Of the stalagmites that we collected, 27 were amenable to U-Th disequilibrium dating, producing stratigraphically sequential dates. Twenty-three stalagmites came from six caves within the boundaries of TNP, one from Andranomilitsy Cave, and three from Asafora Cave. From these 27 stalagmites we conducted 131 U-Th individual age determinations; 120 came from the Tsimanampesotse stalagmites, 10 from Asafora stalagmites, and one from the single Andranomilitsy stalagmite. Our U-Th disequilibrium dating methods follow Hellstrom (2003) and Cheng et al. (2013), with half-lives from Jaffey et al. (1971) and Cheng et al. (2013). All dates were generated at the Department of Earth, Atmospheric and Planetary Sciences, Massachusetts Institute of Technology, Cambridge, MA, United States. Seventeen U-Th disequilibrium dates have not been previously published; 33 are in Scroxton et al. (2019), two are in Faina et al. (in press), and 79¹. All use the same chronological scale as radiocarbon (¹⁴C), where 1950 CE = 0 calendar years before present (yr BP) and subsequent years are given negative numbers. Additionally, Faina et al. (in press) used 10 radiocarbon dates in the age model of stalagmite AF2. These extend the growth period of AF2, and at Morombe in general, to 3.5 kyr BP.

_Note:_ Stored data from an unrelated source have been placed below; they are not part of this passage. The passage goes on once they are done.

Lemma exists_unit_scale u : u != 0 -> exists2 k : R, k != 0 & dot (k *: u) (k *: u) = 1.
Proof.
rewrite -dotvv_gt0 => u_gt0; exists (Num.sqrt (dot u u))^-1.
  by rewrite invr_eq0 gt_eqF ?sqrtr_gt0.
by rewrite dotZl dotZr mulrA -expr2 exprVn sqr_sqrtr ?mulVf ?gt_eqF // ltW.
Qed.

Definition refl a : 'M[R]_d := 1%:M - (2 / dot a a) *: (a^T *m a).

Lemma refl_vec u a : u *m refl a = u - (2 * dot u a / dot a a) *: a.
Proof.
rewrite /refl mulmxBr mulmx1 -scalemxAr mulmxA [u *m a^T]mx11_scalar.
by rewrite mul_scalar_mx scalerA mulrAC.
Qed.

(* [2 / 0 = 0], so the reflection in the zero vector is the identity. *)
Lemma refl0 : refl 0 = 1%:M.
Proof. by rewrite /refl mulmx0 scaler0 subr0. Qed.

Lemma refl_fix u a : dot u a = 0 -> u *m refl a = u.
Proof. by move=> ua; rewrite refl_vec ua mulr0 mul0r scale0r subr0. Qed.

Lemma refl_tr a : (refl a)^T = refl a.
Proof. by rewrite /refl linearB /= trmx1 linearZ /= trmx_mul trmxK. Qed.

Lemma refl_invol a : refl a *m refl a = 1%:M.
Proof.
have [->|a0] := eqVneq a 0; first by rewrite refl0 mulmx1.
have aa : dot a a != 0 by rewrite dotvv_eq0.
apply/eqP/mulmxP => u; rewrite mulmx1 mulmxA !refl_vec dotBl dotZl.
by apply/rowP => j; rewrite !mxE; field.
Qed.

Lemma refl_orthogonal a : refl a *m (refl a)^T = 1%:M.
Proof. by rewrite refl_tr refl_invol. Qed.

Lemma det1B_rank1 (u : 'cV[R]_d) (b : 'rV[R]_d) :
  \det (1%:M - u *m b) = 1 - (b *m u) 0 0.
Proof.
pose M := block_mx (1%:M : 'M[R]_1) b u 1%:M.
have -> : \det (1%:M - u *m b) = \det M.
  have -> : M = block_mx 1%:M 0 u 1%:M *m block_mx 1%:M b 0 (1%:M - u *m b).
    by rewrite mulmx_block !mul1mx !mulmx1 !mul0mx !addr0 addrC subrK.
  by rewrite det_mulmx det_lblock det_ublock !det1 !mul1r.
have -> : M = block_mx (1%:M - b *m u) b 0 1%:M *m block_mx 1%:M 0 u 1%:M.
  by rewrite mulmx_block !mul1mx !mulmx1 !mul0mx ?mulmx0 ?addr0 ?add0r subrK.
by rewrite det_mulmx det_lblock det_ublock !det1 !mulr1 det_mx11 !mxE mulr1n.
Qed.

Lemma det_refl a : a != 0 -> \det (refl a) = -1.
Proof.
rewrite -dotvv_eq0 => aa; rewrite /refl scalemxAl det1B_rank1 -scalemxAr mxE.
by rewrite -/(dot a a) mulfVK //; lra.
Qed.

Lemma dot_refl a u v : dot (u *m refl a) (v *m refl a) = dot u v.
Proof. by rewrite /dot trmx_mul refl_tr mulmxA -(mulmxA u) refl_invol mulmx1. Qed.

Lemma refl_orth_conj (U : 'M[R]_d) b : U *m U^T = 1%:M ->
  refl (b *m U) = U^T *m refl b *m U.
Proof.
move=> UU; have bUbU : dot (b *m U) (b *m U) = dot b b.
  by rewrite /dot trmx_mul mulmxA -(mulmxA b) UU mulmx1.
rewrite /refl bUbU mulmxBr mulmx1 mulmxBl (mulmx1C UU) -scalemxAr -scalemxAl.
by rewrite trmx_mul !mulmxA.
Qed.

Lemma refl_conj a b : refl (b *m refl a) = refl a *m refl b *m refl a.
Proof. by rewrite refl_orth_conj ?refl_orthogonal // refl_tr. Qed.

Lemma refl_between u w : dot u u = dot w w -> w *m refl (u - w) = u.
Proof.
move=> uw; have [->|] := eqVneq u w; first by rewrite subrr refl0 mulmx1.
rewrite -subr_eq0 -dotvv_eq0 => nz.
have E : dot (u - w) (u - w) = - (2 * dot w (u - w)).
  by rewrite !(dotBl, dotBr) (dotC w u) uw; ring.
rewrite refl_vec E divrN divff; last by rewrite -oppr_eq0 -E.
by rewrite scaleN1r opprK addrC subrK.
Qed.

End Reflections.

Section ReflectionClosed.
Variables (R : realType) (d : nat) (E : 'rV[R]_d -> Prop).
Hypothesis E_refl : forall a b, E a -> E b -> E (b *m refl a).

Lemma E_reach u w : E w -> dot u u = dot w w -> E (u - w) -> E u.
Proof. by move=> Ew uw Euw; rewrite -(refl_between uw); apply: E_refl. Qed.

Section Frame.
Variable e : 'rV[R]_d.
Hypothesis ee : dot e e = 1.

Identifying Taxa and Documenting Traces of Human Activity

Genus and species identifications of subfossils were made by team members with appropriate expertise for particular orders or families. When needed, we used comparative collections housed at the Université d’Antananarivo, Madagascar; the University of Massachusetts, Amherst, MA, United States; Midwestern University, Glendale, AZ, United States; the Field Museum of Natural History, Chicago, IL, United States; the Duke University Division of Fossil Primates, Durham, NC, United States; and the American Museum of Natural History, New York, NY, United States. We examined bone specimens for any traces of human butchery (following the methods of Hansford et al., 2020) and we documented additional signs of past human presence at bone collection sites.

Radiocarbon Dating and Date Calibration for Vertebrate and Plant Remains

Subfossil specimens selected for dating were processed at the University of Cincinnati, OH, United States. From each specimen, we removed approximately 250 mg of bone with tin snips or a rotary Dremel tool equipped with a saw blade. Samples were coarsely chopped or crushed into ∼1–3 mm fragments and demineralized in 0.5 N hydrochloric acid (HCl) under refrigeration for 5–10 days. HCl was refreshed every 3–5 days until samples were completely demineralized. Samples were rinsed five times in ultrapure water, with agitation (vortexing) and centrifugation steps occurring with each rinse. Samples were then soaked in 0.01 N sodium hydroxide (NaOH) for 4 h at room temperature to remove humic acids, rinsed with ultrapure water five times (as described above), and freeze dried. Lastly, samples were gelatinized in 0.01 N HCl at ca. 75°C overnight and passed through 1.5 μm glass fiber filters under vacuum. Samples were again dried down via lyophilization.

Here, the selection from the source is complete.